▸ **What to do**
Only these lines of the data below are wanted: the one with "rewrite INR_IZR_INZ, Z2Nat.id by lia.", the one with "Section Complex_solution.", and any lines between them, each repeated exactly.

#####

(* By symmetry every basis word reduces to [b^j a^(S N - j)], and the trace relation
   lowers [j] by two, down to the given cases [j = 0] and [j = 1]. *)
Lemma traceless_symmetric_eq0 N :
  (forall w w', Permutation w w' -> T w = T w') ->
  (forall r, (length r + 2 = S N)%nat -> T (a :: a :: r) + T (b :: b :: r) = 0) ->
  T (repeat a (S N)) = 0 -> T (b :: repeat a N) = 0 ->
  forall w, length w = S N -> T w = 0.
Proof.
  intros T_sym T_trace Ta Tb. apply multilinear_eq0.
  set (cnt := fun bs => count_occ Bool.bool_dec bs true).
  enough (Hk : forall k bs, (cnt bs <= k)%nat -> length bs = S N -> T (map (frame a b) bs) = 0)
    by (intros bs; exact (Hk _ bs (le_n _))).
  induction k as [|k IH]; intros bs Hk Hl.
  - rewrite (count_true_eq0 bs ltac:(unfold cnt in Hk; lia)), map_repeat, Hl. exact Ta.
  - destruct (Nat.eq_dec (cnt bs) 0) as [C0|C0]; [apply IH; lia|].
    destruct (count_true_pos bs ltac:(unfold cnt in C0; lia)) as [r Hr].
    rewrite (T_sym _ _ (Permutation_map (frame a b) Hr)). simpl.
    pose proof (proj1 (Permutation_count_occ Bool.bool_dec _ _) Hr true) as Cr.
    assert (Lr : length r = N) by (apply Permutation_length in Hr; simpl in Hr; lia).
    destruct (Nat.eq_dec (cnt r) 0) as [Cr0|Cr0].
    + now rewrite (count_true_eq0 r Cr0), map_repeat, Lr.
    + destruct (count_true_pos r ltac:(unfold cnt in Cr0; lia)) as [r' Hr'].
      pose proof (proj1 (Permutation_count_occ Bool.bool_dec _ _) Hr' true) as Cr'.
      assert (Lr' : (length r' + 2 = S N)%nat) by (apply Permutation_length in Hr'; simpl in Hr'; lia).
      rewrite (T_sym _ _ (perm_skip _ (Permutation_map (frame a b) Hr'))). simpl.
      specialize (T_trace (map (frame a b) r') ltac:(rewrite length_map; lia)).
      change (T (a :: a :: map (frame a b) r')) with (T (map (frame a b) (false :: false :: r')))
        in T_trace.
      rewrite (IH (false :: false :: r')) in T_trace by (unfold cnt in *; simpl in *; lia).
      lra.
Qed.

End Symmetric_tensors.

Definition perp (v : R * R) : R * R := (- snd v, fst v).

(* Coordinates of [v] in the frame [(a, perp a)]: for unit [a] this is [v / a],
   vectors being read as complex numbers. *)
Definition coord (a v : R * R) : C :=
  (fst v * fst a + snd v * snd a, snd v * fst a - fst v * snd a).

Definition cis (t : R) : C := (cos t, sin t).

Definition cprod (c : R * R -> C) (w : list (R * R)) : C :=
  fold_right (fun v z => (c v * z)%C) 1%C w.

Lemma Cmult_cis s t : (cis s * cis t)%C = cis (s + t).
Proof. unfold cis, Cmult; simpl. rewrite cos_plus, sin_plus. f_equal; ring. Qed.

Section Unit_frame.

Variable a : R * R.
Hypothesis a_unit : fst a ^ 2 + snd a ^ 2 = 1.

Lemma frame_decomp v :
  fst v = Re (coord a v) * fst a + Im (coord a v) * fst (perp a) /\
  snd v = Re (coord a v) * snd a + Im (coord a v) * snd (perp a).
Proof.
  unfold coord, perp; simpl. split.
  - transitivity (fst v * (fst a ^ 2 + snd a ^ 2)); [rewrite a_unit|]; ring.
  - transitivity (snd v * (fst a ^ 2 + snd a ^ 2)); [rewrite a_unit|]; ring.
Qed.

Lemma coord_self : coord a a = 1%C.
Proof. unfold coord; simpl. rewrite <- a_unit. unfold RtoC. f_equal; ring. Qed.

Lemma coord_perp : coord a (perp a) = Ci.
Proof. unfold coord, perp, Ci; simpl. rewrite <- a_unit. f_equal; ring. Qed.

Lemma coord_rot t v : coord a (rot t v) = (cis t * coord a v)%C.
Proof. unfold coord, rot, cis, Cmult; simpl. f_equal; ring. Qed.

Lemma coord_decomp v : coord a v = (Re (coord a v) * coord a a + Im (coord a v) * coord a (perp a))%C.
Proof.
  rewrite coord_self, coord_perp. destruct (coord a v) as [p q].
  unfold Cplus, Cmult, Ci, RtoC; simpl. f_equal; ring.
Qed.

End Unit_frame.

Lemma cprod_multilinear (c : R * R -> C) (a b : R * R) pre v post :
  c v = (Re (c v) * c a + Im (c v) * c b)%C ->
  cprod c (pre ++ v :: post)
  = (Re (c v) * cprod c (pre ++ a :: post) + Im (c v) * cprod c (pre ++ b :: post))%C.
Proof.
  intros Hv. induction pre as [|u pre IH]; simpl.
  - rewrite Hv at 1. ring.
  - rewrite IH. ring.
Qed.

Lemma cprod_perm c w w' : Permutation w w' -> cprod c w = cprod c w'.
Proof. induction 1; simpl; congruence || ring. Qed.

Lemma cprod_repeat c v t k : c v = cis t -> cprod c (repeat v k) = cis (INR k * t).
Proof.
  intros Hv. induction k as [|k IH]; simpl.
  - unfold cis. rewrite Rmult_0_l, cos_0, sin_0. reflexivity.
  - rewrite IH, Hv, Cmult_cis. f_equal. destruct k; simpl; ring.
Qed.

Section Helmholtz.

Variables (Om : R * R -> Prop) (lam : R) (F : R -> R -> R).
Hypothesis Om_open : open Om.
Hypothesis F_smooth : smooth_in Om F.
Hypothesis F_helmholtz : forall x y, Om (x, y) -> dx (dx F) x y + dy (dy F) x y = - lam * F x y.

Lemma ddirs_traceless a r x y : fst a ^ 2 + snd a ^ 2 = 1 -> Om (x, y) ->
  ddirs (a :: a :: r) F x y + ddirs (perp a :: perp a :: r) F x y = - lam * ddirs r F x y.
Proof.
  intros Ha H.
  assert (Hlap : eq_in Om (lincomb 1 (ddir a (ddir a F)) 1 (ddir (perp a) (ddir (perp a) F)))
                          (lincomb (- lam) F 0 F)).
  { intros u v Huv. unfold lincomb. rewrite !(ddir_ddir Om F _ _ F_smooth u v Huv).
    rewrite (dx_dy_comm Om Om_open F F_smooth u v Huv), <- F_helmholtz by exact Huv.
    unfold perp; simpl.
    transitivity ((fst a ^ 2 + snd a ^ 2) * (dx (dx F) u v + dy (dy F) u v)); [ring|].
    rewrite Ha. ring. }
  pose proof (smooth_in_ddir Om Om_open a _ (smooth_in_ddir Om Om_open a F F_smooth)) as Paa.
  pose proof (smooth_in_ddir Om Om_open (perp a) _
                (smooth_in_ddir Om Om_open (perp a) F F_smooth)) as Pbb.
  simpl. transitivity (ddirs r (lincomb (- lam) F 0 F) x y).
  - rewrite <- (ddirs_eq_in Om Om_open r _ _ Hlap x y H).
    rewrite (ddirs_lincomb Om Om_open r _ _ _ _ Paa Pbb x y H). unfold lincomb. ring.
  - rewrite (ddirs_lincomb Om Om_open r _ _ _ _ F_smooth F_smooth x y H). unfold lincomb. ring.
Qed.

Lemma ddirs_vanish_next_order x y a t N : Om (x, y) -> fst a ^ 2 + snd a ^ 2 = 1 ->
  (forall w, (length w < S N)%nat -> ddirs w F x y = 0) ->
  ddirs (repeat a (S N)) F x y = 0 ->
  ddirs (rot (PI / 2) (rot t a) :: repeat (rot t a) N) F x y = 0 ->
  cos (INR (S N) * t) <> 0 ->
  forall w, length w = S N -> ddirs w F x y = 0.
Proof.
  intros H Ha below nodal robin Hcos.
  set (B := ddirs (perp a :: repeat a N) F x y).
  assert (Haa : coord a a = cis 0)
    by (rewrite coord_self by exact Ha; unfold cis; now rewrite cos_0, sin_0).
  assert (T0 : forall w, length w = S N -> ddirs w F x y - B * Im (cprod (coord a) w) = 0).
  { apply (traceless_symmetric_eq0 a (perp a) (fun v => Re (coord a v)) (fun v => Im (coord a v))).
    - intros pre v post.
      rewrite (ddirs_multilinear Om Om_open a (perp a) _ _ (frame_decomp a Ha)
                 pre v post F F_smooth x y H).
      rewrite (cprod_multilinear _ a (perp a) pre v post (coord_decomp a Ha v)).
      unfold lincomb. rewrite !im_plus, !im_scal_l. ring.
    - intros w w' Hp.
      now rewrite (ddirs_perm Om Om_open w w' Hp F F_smooth x y H), (cprod_perm _ _ _ Hp).
    - intros r Hr. unfold cprod; cbn [fold_right]; fold (cprod (coord a) r).
      rewrite coord_self, coord_perp by exact Ha.
      pose proof (ddirs_traceless a r x y Ha H) as Htr. simpl in Htr.
      rewrite below in Htr by lia. destruct (cprod (coord a) r) as [p q].
      unfold Cmult, Ci, Im; simpl. lra.
    - rewrite (cprod_repeat _ _ _ _ Haa), Rmult_0_r, nodal. unfold cis, Im; simpl. rewrite sin_0. ring.
    - unfold cprod; cbn [fold_right]; fold (cprod (coord a) (repeat a N)).
      rewrite (cprod_repeat _ _ _ _ Haa), coord_perp, Rmult_0_r by exact Ha.
      fold B. unfold cis, Ci, Cmult, Im; simpl. rewrite cos_0, sin_0. ring. }
  assert (HB : B = 0).
  { pose proof (T0 (rot (PI / 2) (rot t a) :: repeat (rot t a) N)
                  ltac:(simpl; now rewrite repeat_length)) as E.
    rewrite robin in E.
    unfold cprod in E; cbn [fold_right] in E; fold (cprod (coord a) (repeat (rot t a) N)) in E.
    assert (Hrot : coord a (rot t a) = cis t)
      by (rewrite coord_rot, Haa, Cmult_cis by exact Ha; f_equal; ring).
    rewrite (cprod_repeat _ _ _ _ Hrot), coord_rot, Hrot, !Cmult_cis in E by exact Ha.
    unfold cis, Im in E; simpl in E.
    replace (PI / 2 + t + INR N * t) with (PI / 2 + INR (S N) * t) in E by (rewrite S_INR; ring).
    rewrite <- cos_sin in E.
    destruct (Rmult_integral B (cos (INR (S N) * t)) ltac:(lra)) as [HB|HB];
      [exact HB|contradiction]. }
  intros w Hw. pose proof (T0 w Hw) as E. rewrite HB in E. lra.
Qed.

End Helmholtz.

Definition vanish_below (N : nat) (u : R -> R -> C) (x y : R) : Prop :=
  forall w, (length w < N)%nat -> ddirs w (ure u) x y = 0 /\ ddirs w (uim u) x y = 0.

Lemma cos_multiple_angle_neq0 alpha n M : 0 < alpha < 1 -> (M <= n - 1)%nat ->
  (forall p q : nat, (1 <= p <= n - 1)%nat -> (q <= p - 1)%nat ->
      alpha <> (2 * INR q + 1) / (2 * INR p)) ->
  cos (INR M * (alpha * PI)) <> 0.
Proof.
  intros Ha HM Hpq Hcos. destruct M as [|M].
  - rewrite Rmult_0_l, cos_0 in Hcos. lra.
  - destruct (cos_eq_0_0 _ Hcos) as [k Hk].
    pose proof PI_RGT_0 as HPI.
    assert (HMpos : 0 < INR (S M)) by apply lt_0_INR, Nat.lt_0_succ.
    assert (E : INR (S M) * alpha = IZR k + / 2).
    { apply Rmult_eq_reg_r with PI; [|lra]. rewrite Rmult_assoc, Hk. field. }
    assert (k_nonneg : (-1 < k)%Z) by (apply lt_IZR; nra).
    assert (k_lt : (k < Z.of_nat (S M))%Z) by (apply lt_IZR; rewrite <- INR_IZR_INZ; nra).
    apply (Hpq (S M) (Z.to_nat k)); [lia|lia|].
    rewrite INR_IZR_INZ, Z2Nat.id by lia.
    apply Rmult_eq_reg_l with (2 * INR (S M)); [|lra].
    field_simplify; lra.
Qed.

Lemma segment_at x y e h t : 0 <= t <= h -> segment (x, y) e h (x + t * fst e, y + t * snd e).
Proof. now exists t. Qed.

Lemma segment_origin x y e h : 0 <= h -> segment (x, y) e h (x, y).
Proof. intros Hh. exists 0. split; [lra|simpl; f_equal; ring]. Qed.

Section Complex_solution.

Variables (Om : R * R -> Prop) (u : R -> R -> C).
Hypothesis Om_open : open Om.
Hypothesis u_smooth : smooth_on Om u.

Lemma smooth_in_ure : smooth_in Om (ure u).
Proof. intros l x y H. exact (proj1 (u_smooth l (x, y) H)). Qed.

Lemma smooth_in_uim : smooth_in Om (uim u).
Proof. intros l x y H. exact (proj2 (u_smooth l (x, y) H)). Qed.

Lemma nodal_line_ddirs x y e h : 0 < h ->
  (forall p, segment (x, y) e h p -> Om p) -> nodal_line (segment (x, y) e h) u ->
  forall k, ddirs (repeat e k) (ure u) x y = 0 /\ ddirs (repeat e k) (uim u) x y = 0.
Proof.
  intros Hh Hseg Hnod k.
  split; apply (ddirs_repeat_eq0_of_segment Om Om_open _ x y e h) with (2 := Hh);
    try exact smooth_in_ure; try exact smooth_in_uim; intros t Ht; auto using segment_at.
  - exact (f_equal fst (Hnod _ (segment_at x y e h t Ht))).
  - exact (f_equal snd (Hnod _ (segment_at x y e h t Ht))).
Qed.

Lemma gen_singular_line_ddirs x y e nu c h : 0 < h ->
  (forall p, segment (x, y) e h p -> Om p) -> gen_singular_line (segment (x, y) e h) nu c u ->
  forall k,
    ddirs (nu :: repeat e k) (ure u) x y
      + (Re c * ddirs (repeat e k) (ure u) x y - Im c * ddirs (repeat e k) (uim u) x y) = 0 /\
    ddirs (nu :: repeat e k) (uim u) x y
      + (Re c * ddirs (repeat e k) (uim u) x y + Im c * ddirs (repeat e k) (ure u) x y) = 0.
Proof.
  intros Hh Hseg [_ Hsing] k.
  pose proof (Hseg _ (segment_origin x y e h (Rlt_le _ _ Hh))) as Hx.
  pose proof smooth_in_ure as Pre. pose proof smooth_in_uim as Pim.
  assert (Hrobin : forall a b G1 G2, smooth_in Om G1 -> smooth_in Om G2 ->
            (forall t, 0 <= t <= h ->
               lincomb 1 (ddir nu G1) 1 (lincomb a G1 b G2) (x + t * fst e) (y + t * snd e) = 0) ->
            ddirs (nu :: repeat e k) G1 x y
              + (a * ddirs (repeat e k) G1 x y + b * ddirs (repeat e k) G2 x y) = 0).
  { intros a b G1 G2 P1 P2 H0.
    pose proof (ddirs_repeat_eq0_of_segment Om Om_open _ x y e h
      (smooth_in_lincomb Om Om_open 1 1 _ _ (smooth_in_ddir Om Om_open nu G1 P1)
         (smooth_in_lincomb Om Om_open a b G1 G2 P1 P2))
      Hh (fun t Ht => Hseg _ (segment_at x y e h t Ht)) H0 k) as E.
    rewrite (ddirs_lincomb Om Om_open _ 1 1 _ _ (smooth_in_ddir Om Om_open nu G1 P1)
               (smooth_in_lincomb Om Om_open a b G1 G2 P1 P2) x y Hx) in E.
    unfold lincomb at 1 in E.
    rewrite (ddirs_lincomb Om Om_open _ a b G1 G2 P1 P2 x y Hx) in E.
    unfold lincomb in E. simpl. lra. }
  split.
  - refine (eq_trans _ (Hrobin (Re c) (- Im c) _ _ Pre Pim _)); [ring|]. intros t Ht.
    pose proof (f_equal fst (Hsing _ (segment_at x y e h t Ht))) as E. simpl in E. rewrite <- E.
    unfold ddir, lincomb, normal_deriv, cdx, cdy, ure, uim, Re, Im. simpl. ring.
  - apply (Hrobin (Re c) (Im c) _ _ Pim Pre). intros t Ht.
    pose proof (f_equal snd (Hsing _ (segment_at x y e h t Ht))) as E. simpl in E. rewrite <- E.
    unfold ddir, lincomb, normal_deriv, cdx, cdy, ure, uim, Re, Im. simpl. ring.
Qed.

#####

▸ **Answer section**
    rewrite INR_IZR_INZ, Z2Nat.id by lia.
    apply Rmult_eq_reg_l with (2 * INR (S M)); [|lra].
    field_simplify; lra.
Qed.

Lemma segment_at x y e h t : 0 <= t <= h -> segment (x, y) e h (x + t * fst e, y + t * snd e).
Proof. now exists t. Qed.

Lemma segment_origin x y e h : 0 <= h -> segment (x, y) e h (x, y).
Proof. intros Hh. exists 0. split; [lra|simpl; f_equal; ring]. Qed.

Section Complex_solution.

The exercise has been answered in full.